Stereographic projection...A more concise explanation?

Question

I have been looking at stereographic projections in books, online but they all seem...I don't know how else to put this, but very pedantic yet skipping the details of calculations.

Say, I have a problem here which asks;

Let $n \geq 1$ and put $S^n=\{(x_0,x_1...,x_n) \in \mathbb{R}^{n+1}|{x_0}^2+...+{x_n}^2=1\}$ (So I understand this is a unit sphere in $n+1$ dimensions). Let $P=\{(1,0,...,0)\}$ and consider $S^n$\ $P$ and $Y=\{(y_0...y_n)\in \mathbb{R}^{n+1}|y_0=0\}$ both with Euclidean metric. Thus $X$ is an $n$-sphere with a point removed and $Y \cong \mathbb{R}^n$.

That is the set up. The problem I don't know how to approach is,

$i$) For $x=(x_0,...,x_n) \in X$ and let $f(x)$ be a unique point of $Y$ such that $P=(1,0...0)$ and $x$, $f(x)$ are collinear. So, find $ \lambda(x)$ such that $f(x)=\lambda(x)P+(1-\lambda(x))x$ fo some $\lambda(x) \in \mathbb{R}$.

$ii$) For $y=(y_0,...y_n) \in Y$ let $g(y)$ be a unique point of $X$ such that $(1,0,...,0)$, $y$ and $g(y)$ are collinear, by similar method to $i$), find a formula for $g(y)$.

$iii$) Prove that $f : X \rightarrow Y$ and $g : Y \rightarrow X$ are inverse to each other and deduce that $X$ is homeomorphic to $Y$

Leaving aside part iii, I don't get how to do i. I have seen some examples on removing the North Pole(which is NOT my case) but then the equation for $f(x)$ appears out of nowhere in those cases. I don't know where and how they were obtained, no explanations and steps were given.

So, $\lambda(x)$ is a real number or, at least a scalar I understand. Given my conditions, I tried substituting the points to the given collinear form but found only that $\frac{y_0-x_0}{1-x_0} = \lambda(x)$ and also $\frac{x_i-y_i}{x_i} = \lambda(x)$ unless $i=0$. Which doesn't make sense to me, as I found well, 2 different $\lambda(x)$s (haven't I??)

I just don't get this stereographic projection thing "analytically". I have seen pictures and diagrams which visualises it and that's all very nice but algebraically/analytically, I cannot make sense of it.

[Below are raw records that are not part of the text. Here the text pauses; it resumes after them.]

(* For $1\le m\le n$, $m\,E_m\!\left[\frac1\ell\right]+\sum_{j=1}^{m-1}E_m\!\left[\frac{\tau_j}{\ell}\right]=1$.
   Context: $\mathbf X=\{X_1,\dots,X_n\}$ with the uniform measure. $\mathcal X_m$ is the set of finite sequences $\chi=(\chi_1,\dots,\chi_\ell)$ of elements of $\mathbf X$ having exactly $m$ distinct entries and with $\chi_\ell$ different from all earlier entries; $\ell(\chi)$ is its length and $\chi$ has probability $n^{-\ell(\chi)}$; $E_m[f]=\sum_{\chi\in\mathcal X_m}f(\chi)n^{-\ell(\chi)}$. For $0\le j\le m$, $t_j(\chi)$ is the least $t\ge0$ with $|\{\chi_1,\dots,\chi_t\}|=j$, and $\tau_j(\chi)=t_{j+1}(\chi)-t_j(\chi)-1$ for $1\le j\le m-1$. *)

From Stdlib Require Import Reals List Arith.
Import ListNotations.
Open Scope R_scope.

(* The ground set X = {X_1,...,X_n} is encoded as {0,...,n-1} (nat). *)

Fixpoint all_seqs (n L : nat) : list (list nat) :=
  match L with
  | O => [[]]
  | S L' => flat_map (fun s => map (fun x => x :: s) (seq 0 n)) (all_seqs n L')
  end.

Definition ndistinct (s : list nat) : nat := length (nodup Nat.eq_dec s).

Definition in_Xm (m : nat) (s : list nat) : bool :=
  match s with
  | [] => false
  | _ :: _ =>
      Nat.eqb (ndistinct s) m &&
      negb (existsb (Nat.eqb (last s 0%nat)) (removelast s))
  end.

(* t_j(chi): least t >= 0 with |{chi_1,...,chi_t}| = j
   (searched among t = 0..length chi; defined for j <= m). *)
Fixpoint find_t (j : nat) (s : list nat) (t fuel : nat) : nat :=
  match fuel with
  | O => t
  | S f => if Nat.eqb (ndistinct (firstn t s)) j then t
           else find_t j s (S t) f
  end.

Definition t_ (j : nat) (s : list nat) : nat := find_t j s 0 (S (length s)).

Definition tau (j : nat) (s : list nat) : R :=
  INR (t_ (S j) s) - INR (t_ j s) - 1.

Definition sumR (l : list R) : R := fold_right Rplus 0 l.

Definition Em_slice (n m : nat) (f : list nat -> R) (L : nat) : R :=
  sumR (map (fun s => f s * (/ INR n) ^ L)
            (filter (in_Xm m) (all_seqs n L))).

(* E_m[f] = v : the (nonnegative-term) series sum_chi f(chi) n^{-l(chi)},
   grouped by length, converges to v. *)
Definition Em_sum (n m : nat) (f : list nat -> R) (v : R) : Prop :=
  infinite_sum (Em_slice n m f) v.

Definition ell (s : list nat) : R := INR (length s).

From Stdlib Require Import Reals List Lia Lra.
Import ListNotations.
Open Scope R_scope.

(* For every chi in X_m the hitting times satisfy t_1 = 1 and
   t_m = l(chi), so the tau_j telescope:
     m / l + sum_{j=1}^{m-1} tau_j / l = (m + t_m - t_1 - (m-1)) / l = 1.
   Hence the left-hand side equals E_m[1], the probability that uniform
   draws from X eventually show m distinct values, and it remains to prove
   E_m[1] = 1.  A sequence lies in X_m exactly when it reaches m distinct
   entries at its last step, so the partial sums of E_m[1] up to length N
   equal P(N draws show at least m distinct values) = 1 - P(fewer), and by a
   union bound over the missing values, P(fewer) <= n ((n-1)/n)^N -> 0.
   The file develops, in order: finite sums over lists and over all
   sequences of a given length; counting distinct entries; the hitting
   times and the pointwise identity; the computation E_m[1] = 1; existence
   and linearity of E_m for bounded functions; and finally the theorem. *)

Lemma sumR_app (l1 l2 : list R) : sumR (l1 ++ l2) = sumR l1 + sumR l2.
Proof. induction l1 as [|x l1 IH]; simpl; [ring | rewrite IH; ring]. Qed.

Lemma sumR_map_plus {A} (f g : A -> R) (l : list A) :
  sumR (map (fun x => f x + g x) l) = sumR (map f l) + sumR (map g l).
Proof. induction l as [|x l IH]; simpl; [ring | rewrite IH; ring]. Qed.

Lemma sumR_map_scal {A} (c : R) (f : A -> R) (l : list A) :
  sumR (map (fun x => c * f x) l) = c * sumR (map f l).
Proof. induction l as [|x l IH]; simpl; [ring | rewrite IH; ring]. Qed.

Lemma sumR_map_ext_in {A} (f g : A -> R) (l : list A) :
  (forall x, In x l -> f x = g x) -> sumR (map f l) = sumR (map g l).
Proof.
  induction l as [|x l IH]; intro H; simpl; [reflexivity|].
  rewrite (H x (in_eq x l)), IH; [reflexivity|].
  intros y Hy; apply H, in_cons, Hy.
Qed.

Lemma sumR_map_ext {A} (f g : A -> R) (l : list A) :
  (forall x, f x = g x) -> sumR (map f l) = sumR (map g l).
Proof. intro H; apply sumR_map_ext_in; auto. Qed.

Lemma sumR_map_const {A} (c : R) (l : list A) :
  sumR (map (fun _ => c) l) = INR (length l) * c.
Proof.
  induction l as [|x l IH]; simpl length; rewrite ?S_INR; simpl; [ring | rewrite IH; ring].
Qed.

Would anyone care helping me out at all?? Thank you so much....

Answer 1

For part i) you have to find the point of the line (Px) that lies in the hyperplane $x_0=0$, i. e. you have to solve for $$\lambda +(1-\lambda)x_0=0,\tag{1}$$ since the straight line $(Px)$ has a parametic representation: $$\lambda(1 ,0,\dots,0)+(1-\lambda)(x_0,x_1,\dots,x_n)=\bigl(\lambda +(1-\lambda)x_0, (1-\lambda)x_1, \dots,(1-\lambda)x_n\bigr).$$ Solving for $\lambda$ in $(1)$, we get $$\lambda=\frac{x_0}{x_0-1}.$$

Answer 2

The point of finding equations with $\lambda(x)$ and individual coordinates $x_k$ and $y_k$ is that you do not already know what all the values of all the coordinates are. You may have been given the coordinates $(x_0, \ldots, x_n)$ but not the coordinates $(y_0, \ldots, y_n)$, and you want to find those coordinates.

Or in other words, given the stereographic projection as defined in the question, and the coordinates of a point $x \in X$, find the coordinates of $f(x)$.

So initially, you do not know $y_i$ in general, and you cannot use $\frac{x_i - y_i}{x_i} = \lambda(x)$ to derive $\lambda(x)$. But you do know from the definition of the projection that $y_0 = 0$, so you can use $\frac{y_0 - x_0}{1 - x_0} = \lambda(x)$ to find $\lambda(x)$, and then for $i\neq 0$ you can use $\frac{x_i - y_i}{x_i} = \lambda(x)$ with the known value of $\lambda(x)$ to derive the (previously unknown) value of $y_i$.

If you did know the values of all the coordinates already, that is, if you were given then coordinates $(x_0, \ldots, x_n)$ of $x$ and the coordinates $(y_0, \ldots, y_n)$ of $f(x)$, then the $n+1$ equations of the form $\frac{y_0 - x_0}{1 - x_0} = \lambda(x)$ and $\frac{x_i - y_i}{x_i} = \lambda(x)$ must all agree on the same value of $\lambda(x)$. If solving any of these equations for $\lambda(x)$ resulted in a value of $\lambda(x)$ different from the value that solves any other equation, the points you were given would not be a correct stereographic projection.